Similar to the defects in RNA synthesis in vivo of mutants H100A and C189S (Fig. 2) was the inactivity of RdRp preparations of these mutants in RNA synthesis in vitro (Fig. 4A and B, lanes 2 and 6). Mutants D154A, R157G, and Y266A induced similar levels of negative-strand RNA accumulation in vivo (27 to 38% of that of the wt control; Table 1 and Fig. 2), but the in vitro RNA-synthesizing activities of the purified RdRp preparations of these mutants were rather different. Synthesis of negative- and positive-strand RNA in vitro (Fig. 4A and B) by the RdRp of mutant D154A (lane 3) resembled that of the wt control (lane 8), while the activity of the RdRp of mutant R157G was reduced 40- to 50-fold (lane 4) and the activity of the RdRp of mutant Y266A was barely detectable (lane 7). RNA synthesis in vitro by the RdRp preparation of mutant C182S (Fig. 4A and B, lane 5) resembled that of mutant R157G (Fig. 4A and B, lane 4) although levels of accumulation of negative-strand RNA by these mutants in vivo are rather different, being 2 and 28% of that of the wt, respectively (Table 1 and Fig. 2). Apparently, there is no clear correlation between the levels of RNA synthesis induced by these mutants in the infiltrated leaves and the activity in vitro of the RdRps isolated from these leaves. Possible explanations for this observation are discussed below.
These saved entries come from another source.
(* For any integers $n\ge1$ and $\lambda\ge1$, the minimum cost of a solution of the TBI problem with time bound $\lambda$ on a path with $n$ nodes all of which have threshold $1$ is $\lceil n/(2\lambda+1)\rceil$.
   Context: Influence model: a network is a graph $G=(V,E)$; $N(v)$ is the neighbourhood of $v$. Thresholds $t:V\to\{1,2,\dots\}$. An incentive function is $p:V\to\{0,1,2,\dots\}$ with $0\le p(v)\le t(v)$, of cost $\sum_v p(v)$. The influence process: $\mathsf{Influenced}[p,0]=\{v: p(v)=t(v)\}$ and, for $\ell>0$, $\mathsf{Influenced}[p,\ell]=\mathsf{Influenced}[p,\ell-1]\cup\{v: |N(v)\cap \mathsf{Influenced}[p,\ell-1]|\ge t(v)-p(v)\}$. The TBI problem with time bound $\lambda$: find $p$ of minimum cost with $\mathsf{Influenced}[p,\lambda]=V$. A path on $n$ nodes has nodes $0,\dots,n-1$ and edges $\{i,i+1\}$, $0\le i\le n-2$. *)

From mathcomp Require Import all_boot.
Set Implicit Arguments. Unset Strict Implicit. Unset Printing Implicit Defensive.

Definition path_adj (n : nat) : rel 'I_n :=
  fun i j => (i.+1 == j :> nat) || (j.+1 == i :> nat).

Definition nbhd (T : finType) (adj : rel T) (v : T) : {set T} := [set u | adj v u].

Fixpoint influenced (T : finType) (adj : rel T) (t p : T -> nat) (l : nat)
  : {set T} :=
  match l with
  | 0 => [set v | p v == t v]
  | l'.+1 =>
      let I := influenced adj t p l' in
      I :|: [set v | t v - p v <= #|nbhd adj v :&: I|]
  end.

Definition incentive (T : finType) (t p : T -> nat) : Prop := forall v, p v <= t v.

Definition cost (T : finType) (p : {ffun T -> nat}) : nat := \sum_(v : T) p v.

Definition TBI_solution (T : finType) (adj : rel T) (t : T -> nat) (lam : nat)
  (p : {ffun T -> nat}) : Prop :=
  incentive t p /\ influenced adj t p lam = [set: T].

Definition ceil_div (a b : nat) : nat := (a + b.-1) %/ b.

From mathcomp Require Import all_boot.
From mathcomp Require Import zify.

Set Implicit Arguments.
Unset Strict Implicit.
Unset Printing Implicit Defensive.

(* With threshold 1 everywhere, the nodes influenced after l rounds are exactly
   those within distance l of a node with p v = 1, the "seeds". On a path a ball
   of radius lam has at most 2 lam + 1 nodes, so at least ceil(n / (2 lam + 1))
   seeds are needed; seeds at positions j (2 lam + 1) + lam (capped at n - 1)
   for j < ceil(n / (2 lam + 1)) suffice. *)

Lemma influencedS_unit (T : finType) (adj : rel T) (p : T -> nat) l v :
  (forall v, p v <= 1) ->
  (v \in influenced adj (fun _ => 1) p l.+1) =
  [|| v \in influenced adj (fun _ => 1) p l, p v == 1
    | [exists u, adj v u && (u \in influenced adj (fun _ => 1) p l)]].
Proof.
move=> p_le1; rewrite /= !inE; congr (_ || _).
have [pv0 | pv1] : p v = 0 \/ p v = 1 by have := p_le1 v; lia.
- rewrite pv0 subn0 card_gt0; apply/set0Pn/existsP => -[u].
    by rewrite !inE => huv; exists u.
  by move=> huv; exists u; rewrite !inE.
- by rewrite pv1 subnn.
Qed.

Lemma cost_unit (T : finType) (q : {ffun T -> nat}) :
  (forall v, q v <= 1) -> cost q = #|[set v | q v == 1]|.
Proof.
move=> q_le1; rewrite /cost -sum1_card [RHS]big_mkcond /=.
apply: eq_bigr => v _; rewrite inE.
by have := q_le1 v; case: (q v) => [|[|]].
Qed.

Lemma card_le_cover (T U : finType) (S : {set U}) (B : U -> {set T}) m :
  (forall v, exists2 u, u \in S & v \in B u) -> (forall u, #|B u| <= m) ->
  #|T| <= #|S| * m.
Proof.
move=> cover cardB.
have cover_sum v : 1 <= \sum_(u in S) (v \in B u).
  have [u uS vBu] := cover v.
  by rewrite (bigD1 u) //= vBu.
rewrite -[#|T|]sum1_card (@leq_trans (\sum_(v in T) \sum_(u in S) (v \in B u))) //.
  by apply: leq_sum => v _; apply: cover_sum.
rewrite exchange_big -sum_nat_const; apply: leq_sum => u _.
by rewrite (leq_trans _ (cardB u)) // -sum1_card [X in _ <= X]big_mkcond.
Qed.

Lemma leq_ceil_divLR a m s : 0 < m -> (ceil_div a m <= s) = (a <= s * m).
Proof. by move=> m_gt0; rewrite /ceil_div -ltnS ltn_divLR // mulSn; lia. Qed.

Definition path_dist (a b : nat) : nat := (a - b) + (b - a).

Lemma card_path_ball n (u : 'I_n) r :
  #|[set v : 'I_n | path_dist u v <= r]| <= 2 * r + 1.
Proof.
set B := [set v : 'I_n | _].
rewrite cardE -(size_map val) -(size_iota (u - r) (2 * r + 1)).
apply: uniq_leq_size; first by rewrite (map_inj_uniq val_inj) enum_uniq.
move=> x /mapP[v]; rewrite mem_enum inE /path_dist => uv ->.
by rewrite mem_iota -[val v]/(nat_of_ord v); lia.
Qed.

Lemma path_distS n (u v : 'I_n) l :
  (path_dist u v <= l.+1) =
  (path_dist u v <= l) || [exists w, path_adj v w && (path_dist u w <= l)].
Proof.
rewrite /path_dist; apply/idP/orP => [uv | [uv | /existsP[w /andP[]]]].
- have [|uvS] := leqP (path_dist u v) l; first by left.
  right; apply/existsP; rewrite /path_dist in uvS.
  have [uv' | vu] := ltnP u v.
  + have v1 : v.-1 < n by have := ltn_ord v; lia.
    by exists (Ordinal v1); rewrite /path_adj /=; lia.
  + have v1 : v.+1 < n by have := ltn_ord u; lia.
    by exists (Ordinal v1); rewrite /path_adj /=; lia.
- lia.
- by rewrite /path_adj; lia.
Qed.

Lemma influenced_path_unit n (p : 'I_n -> nat) l v :
  (forall v, p v <= 1) ->
  (v \in influenced (@path_adj n) (fun _ => 1) p l) =
  [exists u, (p u == 1) && (path_dist u v <= l)].
Proof.
move=> p_le1; elim: l v => [|l IH] v.
  rewrite /= inE; apply/idP/existsP => [pv | [u /andP[pu uv]]].
    by exists v; rewrite pv /path_dist !subnn.
  by have -> : v = u by apply: ord_inj; rewrite /path_dist in uv; lia.
rewrite influencedS_unit // IH; apply/idP/existsP.
- case/or3P => [/existsP[u /andP[pu uv]] | pv | /existsP[w /andP[vw]]].
  + by exists u; rewrite pu path_distS uv.
  + by exists v; rewrite pv /path_dist subnn.
  + rewrite IH => /existsP[u /andP[pu uw]]; exists u; rewrite pu path_distS.
    by apply/orP; right; apply/existsP; exists w; rewrite vw.
- move=> [u /andP[pu]]; rewrite path_distS => /orP[uv | /existsP[w /andP[vw uw]]].
    by apply/or3P; constructor 1; apply/existsP; exists u; rewrite pu.
  apply/or3P; constructor 3; apply/existsP; exists w; rewrite vw IH.
  by apply/existsP; exists u; rewrite pu.
Qed.

Section PathCentres.

Variables n r : nat.

Local Notation m := (2 * r + 1).
Local Notation k := (ceil_div n.+1 m).

Let m_gt0 : 0 < m. Proof. by rewrite addn1. Qed.

Let nodes_le_cover : n.+1 <= k * m.
Proof. by rewrite -leq_ceil_divLR. Qed.

Let cover_pred_lt_nodes : k.-1 * m < n.+1.
Proof.
have k_gt0 : 0 < k by rewrite ltnNge leq_ceil_divLR.
by rewrite ltnNge -leq_ceil_divLR // -ltnS prednK ?ltnn.
Qed.

Definition path_centre (j : 'I_k) : 'I_n.+1 := inord (minn (j * m + r) n).

Lemma val_path_centre j : path_centre j = minn (j * m + r) n :> nat.
Proof. by rewrite inordK //; lia. Qed.

Lemma path_centre_lt (i j : 'I_k) : i < j -> path_centre i < path_centre j.
Proof.
move=> ij; rewrite !val_path_centre.
have gap : i * m + m <= j * m by rewrite -mulSnr leq_mul2r ij orbT.
have j_last : j * m <= k.-1 * m by rewrite leq_mul2r -ltnS prednK ?ltn_ord ?orbT //; lia.
lia.
Qed.

Lemma path_centre_inj : injective path_centre.
Proof.
move=> i j eq_ij; apply: val_inj.
by have [/path_centre_lt | /path_centre_lt | ] := ltngtP i j; rewrite ?eq_ij ?ltnn.
Qed.

Definition path_centres : {set 'I_n.+1} := [set path_centre j | j : 'I_k].

Definition centres_incentive : {ffun 'I_n.+1 -> nat} :=
  [ffun v => nat_of_bool (v \in path_centres)].

Lemma centres_incentive_le1 v : centres_incentive v <= 1.
Proof. by rewrite ffunE; case: (_ \in _). Qed.

Lemma cost_centres_incentive : cost centres_incentive = k.
Proof.
rewrite (cost_unit centres_incentive_le1).
have -> : [set v | centres_incentive v == 1] = path_centres.
  by apply/setP => v; rewrite inE ffunE; case: (_ \in _).
by rewrite card_imset ?card_ord //; apply: path_centre_inj.
Qed.

Lemma centres_incentive_solution :
  TBI_solution (@path_adj n.+1) (fun _ => 1) r centres_incentive.
Proof.
split; first exact: centres_incentive_le1.
apply/setP => v; rewrite inE influenced_path_unit; last exact: centres_incentive_le1.
have vk : v %/ m < k.
  by rewrite ltn_divLR //; have := ltn_ord v; lia.
apply/existsP; exists (path_centre (Ordinal vk)).
rewrite ffunE imset_f //= /path_dist val_path_centre /=.
have := divn_eq v m; have := ltn_mod v m; have := ltn_ord v; lia.
Qed.

End PathCentres.

Theorem lemma5 (n lam : nat) : 0 < n -> 0 < lam ->
  let t : 'I_n -> nat := fun _ => 1 in
  (exists p : {ffun 'I_n -> nat},
      TBI_solution (@path_adj n) t lam p /\ cost p = ceil_div n (2 * lam + 1)) /\
  (forall p : {ffun 'I_n -> nat},
      TBI_solution (@path_adj n) t lam p -> ceil_div n (2 * lam + 1) <= cost p).
Proof.
case: n => [//|n] _ _ t; split.
  exists (centres_incentive n lam); split; first exact: centres_incentive_solution.
  exact: cost_centres_incentive.
move=> p [p_le1 influenced_all].
rewrite (cost_unit p_le1) leq_ceil_divLR; last by rewrite addn1.
rewrite -[X in X <= _]card_ord.
apply: card_le_cover (fun u => card_path_ball u lam) => v.
have : v \in influenced (@path_adj n.+1) t p lam by rewrite influenced_all inE.
rewrite influenced_path_unit // => /existsP[u /andP[pu uv]].
by exists u; rewrite inE.
Qed.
Negative-strand synthesis of RNA 1 encoding H100A and C189S mutations can be supported in trans. Previously, we obtained evidence that AMV RNAs 1 and 2 require their encoded proteins in cis for replication (24, 40). In the present study, leaves were coinfiltrated with an A. tumefaciens strain carrying pMOGR12, which encodes the H100A or C189S mutation via cDNA 1 and an A. tumefaciens strain carrying pMOGR1{Delta}/2{Delta}, which encodes RNAs 1 and 2 with the 3' UTRs deleted (42). Coinfiltration of N. benthamiana with A. tumefaciens containing the pMOGR1{Delta}/2{Delta} and pMOGR3 constructs resulted in replication of RNA 3 at nearly wt levels, but no negative strands corresponding to the 3'-truncated RNAs 1 and 2 were synthesized (42). Thus, transient expression of P1 and P2 from the pMOGR1{Delta}/2{Delta} construct is sufficient to support replication of RNA 3 in trans. Figure 5 shows that this transient expression also supports in trans the synthesis of negative strands corresponding to RNA 1 encoding the H100A and C189S mutations (lanes 2 and 3). The apparent discrepancy with previous data pointing to a requirement of P1 in cis for replication are discussed below.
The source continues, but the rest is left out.